Now, why does this trend seem to reverse in these weeks? In principle, due to the need to improve returns without assuming much greater volatility than a T+0.

The movement of the flows clearly shows this greater appetite, and even makes them the segment with the highest net subscriptions in the month. Specifically, the T+1 accumulate about $59,000 million – at a daily average rate of $3,000 million -, far from the MM with a positive flow of 12,000 million (but practically explained only by the income from the last rounds) or those identified as those of coverage that reflect rescues for more than $38,000 million.
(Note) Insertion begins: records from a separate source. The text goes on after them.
(* A quadratic-form lower bound v^H K v >= c ||v||^2 yields ||K v|| >= c ||v||,
   by Cauchy-Schwarz applied to v^H (K v). *)
Lemma form_coercive_norm n (K : 'M[R]_n) (c : R) : 0 < c ->
  (forall v, c * sqnorm v <= (ctmx v *m (K *m v)) 0 0) ->
  forall v, c * vnorm2 v <= vnorm2 (K *m v).
Proof.
move=> c_gt0 K_form v; have := K_form v; rewrite -cdotE => form_v.
have form_ge0 : 0 <= cdot v (K *m v).
  by apply: le_trans form_v; rewrite mulr_ge0 ?sqnorm_ge0 ?ltW.
have sq_bound : c * vnorm2 v ^+ 2 <= vnorm2 v * vnorm2 (K *m v).
  rewrite vnorm2_sqr; apply: le_trans form_v _.
  by rewrite -(ger0_norm form_ge0) cdot_CauchySchwarz.
have [v0|vn0] := eqVneq (vnorm2 v) 0; first by rewrite v0 mulr0 vnorm2_ge0.
have v_gt0 : 0 < vnorm2 v by rewrite lt0r vn0 vnorm2_ge0.
by rewrite -(ler_pM2l v_gt0) mulrCA -expr2.
Qed.

Lemma norm_coercive_inverse n (K : 'M[R]_n) (c : R) : 0 < c ->
  (forall v, c * vnorm2 v <= vnorm2 (K *m v)) ->
  K \in unitmx /\ specnorm_le (invmx K) (1 / c).
Proof.
move=> c_gt0 K_lower.
have K_inj (v : 'cV[R]_n) : K *m v = 0 -> v = 0.
  have norm0 : vnorm2 (0 : 'cV[R]_n) = 0.
    by rewrite /vnorm2 big1 ?sqrtC0 // => i _; rewrite mxE normr0 expr0n.
  move=> Kv0; apply: vnorm2_eq0; apply/eqP; rewrite eq_le vnorm2_ge0 andbT.
  by rewrite -(pmulr_rle0 _ c_gt0) -norm0 -Kv0 K_lower.
have K_unit : K \in unitmx.
  rewrite -unitmx_tr -row_free_unit; apply: inj_row_free => u uK0.
  apply: trmx_inj; rewrite trmx0; apply: K_inj.
  by rewrite -[K]trmxK -trmx_mul uK0 trmx0.
split=> // u; have := K_lower (invmx K *m u); rewrite mulmxA mulmxV // mul1mx.
by move=> Ku; rewrite mul1r -(ler_pM2l c_gt0) mulrA divff ?gt_eqF // mul1r.
Qed.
A trend that we understand, in particular, will continue in a scenario where uncertainty will continue and strengthen hand in hand with the electoral process; and, consequently, the appetite for quick liquidity as well.
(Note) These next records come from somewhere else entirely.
Lemma seq_ltk_max (s : seq K) w0 : w0 \in s ->
  exists2 t, t \in s & {in s, forall w, w = t \/ ltk w t}.
Proof.
elim: s w0 => // a s IH w0 _; case: s IH => [_|b s IH].
  by exists a; rewrite ?mem_seq1 // => w; rewrite mem_seq1 => /eqP; left.
have [t ts max_t] := IH b (mem_head b s).
have [<-|[ta|at_]] := ltk_total t a.
- by exists t; rewrite ?mem_head // => w; rewrite inE => /orP[/eqP|/max_t]; auto.
- exists a; rewrite ?mem_head // => w; rewrite inE => /orP[/eqP|/max_t]; first by left.
  by case=> [->|/ltk_trans]; auto.
- exists t; first by rewrite inE ts orbT.
  by move=> w; rewrite inE => /orP[/eqP->|/max_t]; auto.
Qed.

Lemma exists_lead x : x != 0 -> exists t, is_lead x t.
Proof.
move=> x0; have [x00|[w wx]] := fset_0Vmem (msupp x).
  by move: x0; rewrite (monalgE x) x00 big_seq_fset0 eqxx.
have [t tx max_t] := seq_ltk_max (s := msupp x) wx.
by exists t; split; rewrite ?mcoeff_neq0.
Qed.

Lemma lead_tmul x y tx ty : is_lead x tx -> is_lead y ty ->
  (tmul L x y)@_(keyM L tx ty) = x@_tx * y@_ty /\
  is_lead (tmul L x y) (keyM L tx ty).
Proof.
move=> [x0 lead_x] [y0 lead_y].
have below u v : u \in msupp x -> v \in msupp y -> (u, v) != (tx, ty) ->
    ltk (keyM L u v) (keyM L tx ty).
  move=> /lead_x [->|ux] /lead_y [->|vy]; rewrite ?eqxx // => _.
  - exact: ltk_keyMr.
  - exact: ltk_keyMl.
  - exact: ltk_trans (ltk_keyMl _ ux) (ltk_keyMr _ vy).
have off u v : u \in msupp x -> v \in msupp y -> (u, v) != (tx, ty) ->
    (keyM L u v == keyM L tx ty) = false.
  by move=> ux vy uv; apply/negbTE/ltk_neq/below.
have coef : (tmul L x y)@_(keyM L tx ty) = x@_tx * y@_ty.
  rewrite mcoeff_tmul (bigD1_seq tx) ?fset_uniq -?mcoeff_neq0 //=.
  rewrite (bigD1_seq ty) ?fset_uniq -?mcoeff_neq0 //= eqxx mulr1n.
  rewrite big_seq_cond big1 ?addr0 => [|v /andP[vy vty]]; last first.
    by rewrite off ?mulr0n // -?mcoeff_neq0 // xpair_eqE negb_and vty orbT.
  rewrite big_seq_cond big1 ?addr0 // => u /andP[ux utx].
  rewrite big_seq big1 // => v vy.
  by rewrite off ?mulr0n // xpair_eqE negb_and utx.
split=> //; split; first by rewrite coef mulf_neq0.
apply: (supp_in_tmul (P := fun u => u \in msupp x) (Q := fun v => v \in msupp y)).
- by [].
- by [].
move=> u v ux vy.
by have [[-> ->]|/(below _ _ ux vy)] := eqVneq (u, v) (tx, ty); auto.
Qed.

End KeyOrder.

Lemma lead_oppsg_exponent m psi sg (x : qtorus m) t t' :
  is_lead psi sg x t -> is_lead psi (- sg) x t' -> t'.2 = t.2.
Proof.
move=> lt lt'; have [//|ne] := eqVneq t'.2 t.2.
case: (lt) => _ /(_ t' (is_lead_in lt')) [e|/ltk_neq2 /(_ ne) lt1].
  by rewrite e eqxx in ne.
rewrite eq_sym in ne.
case: (lt') => _ /(_ t (is_lead_in lt)) [e|/ltk_neq2 /(_ ne) lt2].
  by rewrite e eqxx in ne.
by have := lt_trans lt1 lt2; rewrite ltxx.
Qed.


Section RayFactors.
Variables (m : nat) (L : 'M[int]_m).
Local Notation K := (int * 'rV[int]_m)%type.
Local Notation T := (qtorus m).

Definition factor (p : nat -> ZQ) (s : nat) (f : 'rV[int]_m) : T :=
  \sum_(0 <= r < s.+1) tmul L (sc m (p r)) (Xt (f *+ r)).

Definition factor_prod I (r : seq I) (P : I -> nat -> ZQ) (S : I -> nat) f : T :=
  \big[tmul L/tone m]_(l <- r) factor (P l) (S l) f.

Definition on_ray (f : 'rV[int]_m) (w : K) := exists r : nat, w.2 = f *+ r.

Lemma supp_tmul_scX p c : supp_in (fun w => w.2 = c) (tmul L (sc m p) (Xt c)).
Proof. by rewrite tmul_scX; apply: supp_in_sum => a _; apply: supp_inU. Qed.

Lemma factor_on_ray p s f : supp_in (on_ray f) (factor p s f).
Proof. by apply: supp_in_sum => r _ w /supp_tmul_scX w2; exists r. Qed.

Lemma factor_prod_on_ray I (r : seq I) P S f :
  supp_in (on_ray f) (factor_prod r P S f).
Proof.
rewrite /factor_prod; elim: r => [|l r IH].
  by rewrite big_nil; apply: supp_inU; exists 0%N; rewrite mulr0n.
rewrite big_cons; apply: (supp_in_tmul (P := on_ray f) (Q := on_ray f)) => //.
  exact: factor_on_ray.
by move=> u v [r1 e1] [r2 e2]; exists (r1 + r2)%N; rewrite /= e1 e2 mulrnDr.
Qed.

Section Lead.
Variables (psi : 'rV[int]_m -> int) (sg : int).
Hypotheses (psiD : {morph psi : a b / a + b}) (L_skew : L^T = - L).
What do the T+1 invest in?

But beyond the renewed appetite and the variables that can argue in favor of these funds, the reality is that -as it happens in many categories- it is a segment of the industry that can be armed with different strategies. Now, what determines these strategies? The economic-financial situation as the possible options on the table (and also, with some logic, the regulations).

So much so that, if we look at the evolution of the general composition of the portfolios in the last 12 months, it is reflected how the uncertainty triggered by the debt -especially, in pesos and short-term- in the middle of last year, weighed heavily about the strategies of these funds.

It is even relevant to double-click on that set of movements, and analyze how the type of letters that explain that participation was modified. Today, basically that 50% is made up in practically equal parts of Ledes and Leceres. A different photo from the beginning of last year, when the highest weighting was from Ledes, and from the middle of the year (before the crisis) when the Leceres were the ones who won the fight.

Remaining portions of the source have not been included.